А оказалось… Вот что оказалось:

“В старых бумагах на глаза попался черновик аналитической записки, посланной в марте девяносто седьмого Б.Н. Ельцину и В.С. Черномырдину. Меня остановили строки, где я достаточно наивно пытался увлечь наших вождей столь любезным их сердцам экономическим прагматизмом, но на культурной ниве:

“С финансовой точки зрения сфера культуры является единственной сферой социального блока, … где происходит хранение, накопление, производство весьма значительных материальных ценностей, составляющих национальное достояние. По своей реальной стоимости эта часть национального достояния превосходит стоимость основных фондов многих отраслей хозяйства и уникальна тем, что не подвержена инфляции. Материальные ценности культуры являются реальным политическим и финансовым ресурсом государства…”.

Разумеется, никакого стратегического эффекта сказанное не возымело”.
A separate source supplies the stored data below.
Lemma admm_step_firm Z1 Z2 : symmx Z1 -> symmx Z2 ->
  fnorm2 (T Z1 - T Z2) + fnorm2 ((Z1 - T Z1) - (Z2 - T Z2)) <= fnorm2 (Z1 - Z2).
Proof.
move=> s1 s2; have mono := fdot_projPSD_sub_le0 s1 s2.
have [_ _ E1 _] := projPSD_decomp s1; have [_ _ E2 _] := projPSD_decomp s2.
rewrite !admm_stepE //; move: mono E1 E2.
move: (projPSD Z1) (projPSD (- Z1)) (projPSD Z2) (projPSD (- Z2)).
move=> X1 S1 X2 S2 mono -> ->.
have -> : Pperp A X1 - Pproj A S1 + shift - (Pperp A X2 - Pproj A S2 + shift)
        = Pperp A (X1 - X2) - Pproj A (S1 - S2).
  rewrite /Pperp !linearB /=.
  move: (Pproj A X1) (Pproj A X2) (Pproj A S1) (Pproj A S2) (Pproj A C) => ? ? ? ? ?.
  by apply/matrixP => i j; rewrite !mxE; lra.
have -> : X1 - S1 - (Pperp A X1 - Pproj A S1 + shift)
          - (X2 - S2 - (Pperp A X2 - Pproj A S2 + shift))
        = Pproj A (X1 - X2) - Pperp A (S1 - S2).
  rewrite /Pperp !linearB /=.
  move: (Pproj A X1) (Pproj A X2) (Pproj A S1) (Pproj A S2) (Pproj A C) => ? ? ? ? ?.
  by apply/matrixP => i j; rewrite !mxE; lra.
have -> : X1 - S1 - (X2 - S2) = (X1 - X2) - (S1 - S2).
  by apply/matrixP => i j; rewrite !mxE; lra.
rewrite fnorm2_sub_sym !(fnorm2_Pproj_Pperp_sub Asurj) (fnorm2B (X1 - X2)).
by rewrite (fnorm2_Pyth Asurj (X1 - X2)) (fnorm2_Pyth Asurj (S1 - S2)); lra.
Qed.

(* A KKT point [(X, y, S)] gives the fixed point [X - sigma S]. *)
Lemma Zstar_nonempty : KKT_nonempty A b C -> Zstar A b C sigma !=set0.
Proof.
move=> [X [y [S [AX [pX [ES [pS XS]]]]]]].
have pS' : psd (sigma *: S) by apply: psdZ => //; apply: ltW.
have XS' : fdot X (sigma *: S) = 0 by rewrite linearZ /= XS mulr0.
have [[sX _] [sS _]] := (pX, pS').
have sZ : symmx (X - sigma *: S) by rewrite /symmx linearB /= sX sS.
exists (X - sigma *: S); split => //; rewrite admm_stepE //.
rewrite (projPSD_moreau pX pS' erefl XS') opprB.
rewrite (projPSD_moreau pS' pX erefl _); last by rewrite fdotC.
rewrite -(Pproj_feasible AX) -ES /Pperp !linearD !linearZ /= (Pproj_Aadj Asurj).
move: (Pproj A X) (Aadj A y) => PX Ay.
by apply/matrixP => i j; rewrite !mxE; lra.
Qed.

End ADMMStep.

Theorem lemma4 (R : realType) (n m : nat) (A : 'I_m -> 'M[R]_n)
  (b : 'cV[R]_m) (C : 'M[R]_n) (sigma : R) (Z0 : 'M[R]_n) :
  (forall i, symmx (A i)) -> symmx C ->
  A_surjective A -> KKT_nonempty A b C ->
  0 < sigma -> symmx Z0 ->
  forall k : nat,
    (forall Xt : 'M[R]_n, symmx Xt -> Aop A Xt = b ->
       fnorm2 (Zseq A b C sigma Z0 k.+1 - Zseq A b C sigma Z0 k)
       = fnorm2 (Pproj A (Xseq A b C sigma Z0 k - Xt))
         + sigma ^+ 2 * fnorm2 (Pperp A (Sseq A b C sigma Z0 k - C)))
    /\
    fnorm2 (Zseq A b C sigma Z0 k.+1 - Zseq A b C sigma Z0 k)
    <= dist (Zseq A b C sigma Z0 k) (Zstar A b C sigma) ^+ 2
       - dist (Zseq A b C sigma Z0 k.+1) (Zstar A b C sigma) ^+ 2.
Proof.
move=> Asym Csym Asurj KKT sigma_gt0 Z0sym k.
have sZ := Zseq_sym b sigma Asym Csym k Z0sym.
have -> : Zseq A b C sigma Z0 k.+1 = admm_step A b C sigma (Zseq A b C sigma Z0 k) by [].
split=> [Xt _ AXt|]; first exact: fnorm2_admm_step_sub.
apply: dist2_fejer; first exact: Zstar_nonempty.
move=> W [sW TW]; have := admm_step_firm b C sigma Asurj sZ sW.
by rewrite TW subrr subr0 (fnorm2_sub_sym (Zseq _ _ _ _ _ _)).
Qed.
Lemma chi_delete_cycle_edges e1 e2 :
  e1 \in C1 -> e2 \in C2 -> chi (E :\: [set e1; e2]) = 2.
Proof.
move=> e1C1 e2C2; have sEF := simple_graphS (subsetDl E [set e1; e2]) sE.
have [e eC1 eF] : exists2 e, e \in C1 & e \notin [set e1; e2].
  apply/subsetPn/negP=> sub; have := leq_trans (odd_cycle_card odd1) (subset_leq_card sub).
  by rewrite cards2; case: (_ != _).
apply: (chi_bipartite sEF _ (_ : e \in _)); last by rewrite inE eF (subsetP s1).
apply: colorable2_no_odd_cycle sEF _ => C sCF oddC.
have [eC | eC] := only_C12 (subset_trans sCF (subsetDl _ _)) oddC; rewrite eC in sCF.
- by move: (subsetP sCF e1 e1C1); rewrite inE set21.
- by move: (subsetP sCF e2 e2C2); rewrite inE set22.
Qed.

Lemma es_chi_delete_edge e : [disjoint C1 & C2] -> colorable E 3 ->
  e \in C1 :|: C2 -> es_chi (E :\ e) <= 1.
Proof.
move=> dis col3 eC12; have sEe := simple_graphS (subsetDl E [set e]) sE.
have [C [f [oddC sCE eC fC chi2]]] : exists C f,
    [/\ odd_cycle C, C \subset E, e \notin C, f \in C & chi (E :\: [set e; f]) = 2].
  have [[f1 fC1] [f2 fC2]] := (odd_cycle_edge odd1, odd_cycle_edge odd2).
  case/setUP: eC12 => eC.
    by exists C2, f2; rewrite (disjointFr dis) ?chi_delete_cycle_edges.
  by exists C1, f1; rewrite (disjointFl dis) // setUC chi_delete_cycle_edges.
have sCEe : C \subset E :\ e.
  by apply/subsetP=> g gC; rewrite !inE (subsetP sCE) // andbT; apply: contraNneq eC => <-.
have chi3 := chi_odd_cycle sEe oddC sCEe (colorableS (subsetDl _ _) col3).
rewrite -(cards1 f); apply: es_chi_le; first by rewrite sub1set (subsetP sCEe).
by rewrite chi3 setDDl.
Qed.

Lemma critical_cycles_disjoint : chi E = 3 -> es_chi E = 2 -> [disjoint C1 & C2].
Proof.
move=> chi3 es2; rewrite disjoint_subset; apply/subsetP=> e eC1; apply/negP=> eC2.
have : es_chi E <= #|[set e]|.
  apply: es_chi_le; first by rewrite sub1set (subsetP s1).
  by rewrite chi3 -[[set e]]setUid chi_delete_cycle_edges.
by rewrite es2 cards1.
Qed.

Lemma critical_edges_on_cycles : critical32 E -> E = C1 :|: C2.
Proof.
case=> crit chi3 es2; apply/eqP; rewrite eqEsubset subUset s1 s2 !andbT.
apply/subsetP=> f fE; apply: contraT; rewrite inE negb_or => /andP[fC1 fC2].
have sub C : f \notin C -> C \subset E -> C \subset E :\ f.
  move=> fC sCE; apply/subsetP=> g gC; rewrite !inE (subsetP sCE) // andbT.
  by apply: contraNneq fC => <-.
have sEf := simple_graphS (subsetDl E [set f]) sE.
have col3 : colorable (E :\ f) 3.
  by apply: colorableS (subsetDl _ _) _; rewrite -chi3 colorable_chi.
have chi3f := chi_odd_cycle sEf odd1 (sub _ fC1 s1) col3.
have dis := critical_cycles_disjoint chi3 es2.
have := es_chi_ge2 sEf odd1 odd2 (sub _ fC1 s1) (sub _ fC2 s2) dis chi3f.
by rewrite leqNgt -es2 crit.
Qed.

Lemma cycle_walks_meet_even n1 n2 c1 c2 b d : [disjoint C1 & C2] ->
    cycle_walk n1 c1 -> cycle_walk n2 c2 -> C1 = walk_edges n1 c1 -> C2 = walk_edges n2 c2 ->
    c1 0 = c2 0 -> c1 b = c2 d -> b < n1 -> d < n2 ->
  ~~ odd (b + d).
Proof.
move=> dis cw1 cw2 C1E C2E c12_0 c12_bd lt_b lt_d; apply/negP=> odd_bd.
(* Go from c1 0 to c1 b along C1 and back along C2: the odd cycle in this walk
   misses the edge of C1 at b and the edge of C2 at d. *)
pose W := cat_walk b c1 (rev_walk d c2).
have W_sub : walk_edges (b + d) W \subset walk_edges b c1 :|: walk_edges d c2.
  by rewrite -(walk_edges_rev d c2) walk_edges_cat // /rev_walk subn0.
have [P1 P2] : walk_edges b c1 \subset C1 /\ walk_edges d c2 \subset C2.
  by rewrite C1E C2E !walk_edges_prefix // ltnW.
have W_E : walk_edges (b + d) W \subset E.
  by rewrite (subset_trans W_sub) // subUset (subset_trans P1 s1) (subset_trans P2 s2).
have W_closed : W (b + d) = W 0.
  rewrite /W /cat_walk leq0n; case: leqP => [le_db | _]; last by rewrite /rev_walk addKn subnn.
  have d0 : d = 0 by lia.
  by rewrite d0 addn0 c12_bd d0 c12_0.
have [C oddC sCW] := odd_closed_walk_cycle odd_bd W_closed (simple_graphS W_E sE).
have sCP := subset_trans sCW W_sub.
have [eC | eC] := only_C12 (subset_trans sCW W_E) oddC.
- have := @cycle_walk_not_subset_prefixU _ n1 c1 b (walk_edges d c2) cw1 lt_b.
  by rewrite -C1E (disjointWr P2 dis) -eC sCP => /(_ isT).
- have := @cycle_walk_not_subset_prefixU _ n2 c2 d (walk_edges b c1) cw2 lt_d.
  rewrite disjoint_sym in dis.
  by rewrite -C2E (disjointWr P1 dis) -eC setUC sCP => /(_ isT).
Qed.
P.S. Первый, черновой вариант публикуемого ныне опуса я написала почти год назад - вместо рецензии на “Необходимость поэзии”. Но доводить рукопись до ума не стала. Дважды, с карандашом, прочитав книгу Сидорова, так и не смогла ответить себе на важный для данного сюжета вопрос: зачем же так долго принуждал себя к публичной жизни человек, который столь сильно любит одиночество? Для которого любой контакт - напряжение, чреватое стрессом? Достаточно убедительного ответа не могу предложить и сейчас. А вот не совсем убедительный по размышлении, кажется, нашелся.

“Необходимость поэзии” завершает интервью, данное Сидоровым корреспондентке парижской “Русской мысли” летом 1998 года. “Ваш образ, - слегка подначивая, спрашивает Нина Махарашвили новоназначенного Посла, - как бы распадается на две части: те, кто постарше, говорят: Евгений Сидоров (иногда даже Женя) - литератор, критик; для других вы - государственный чиновник высокого ранга… Вы не чувствуете такой раздвоенности?”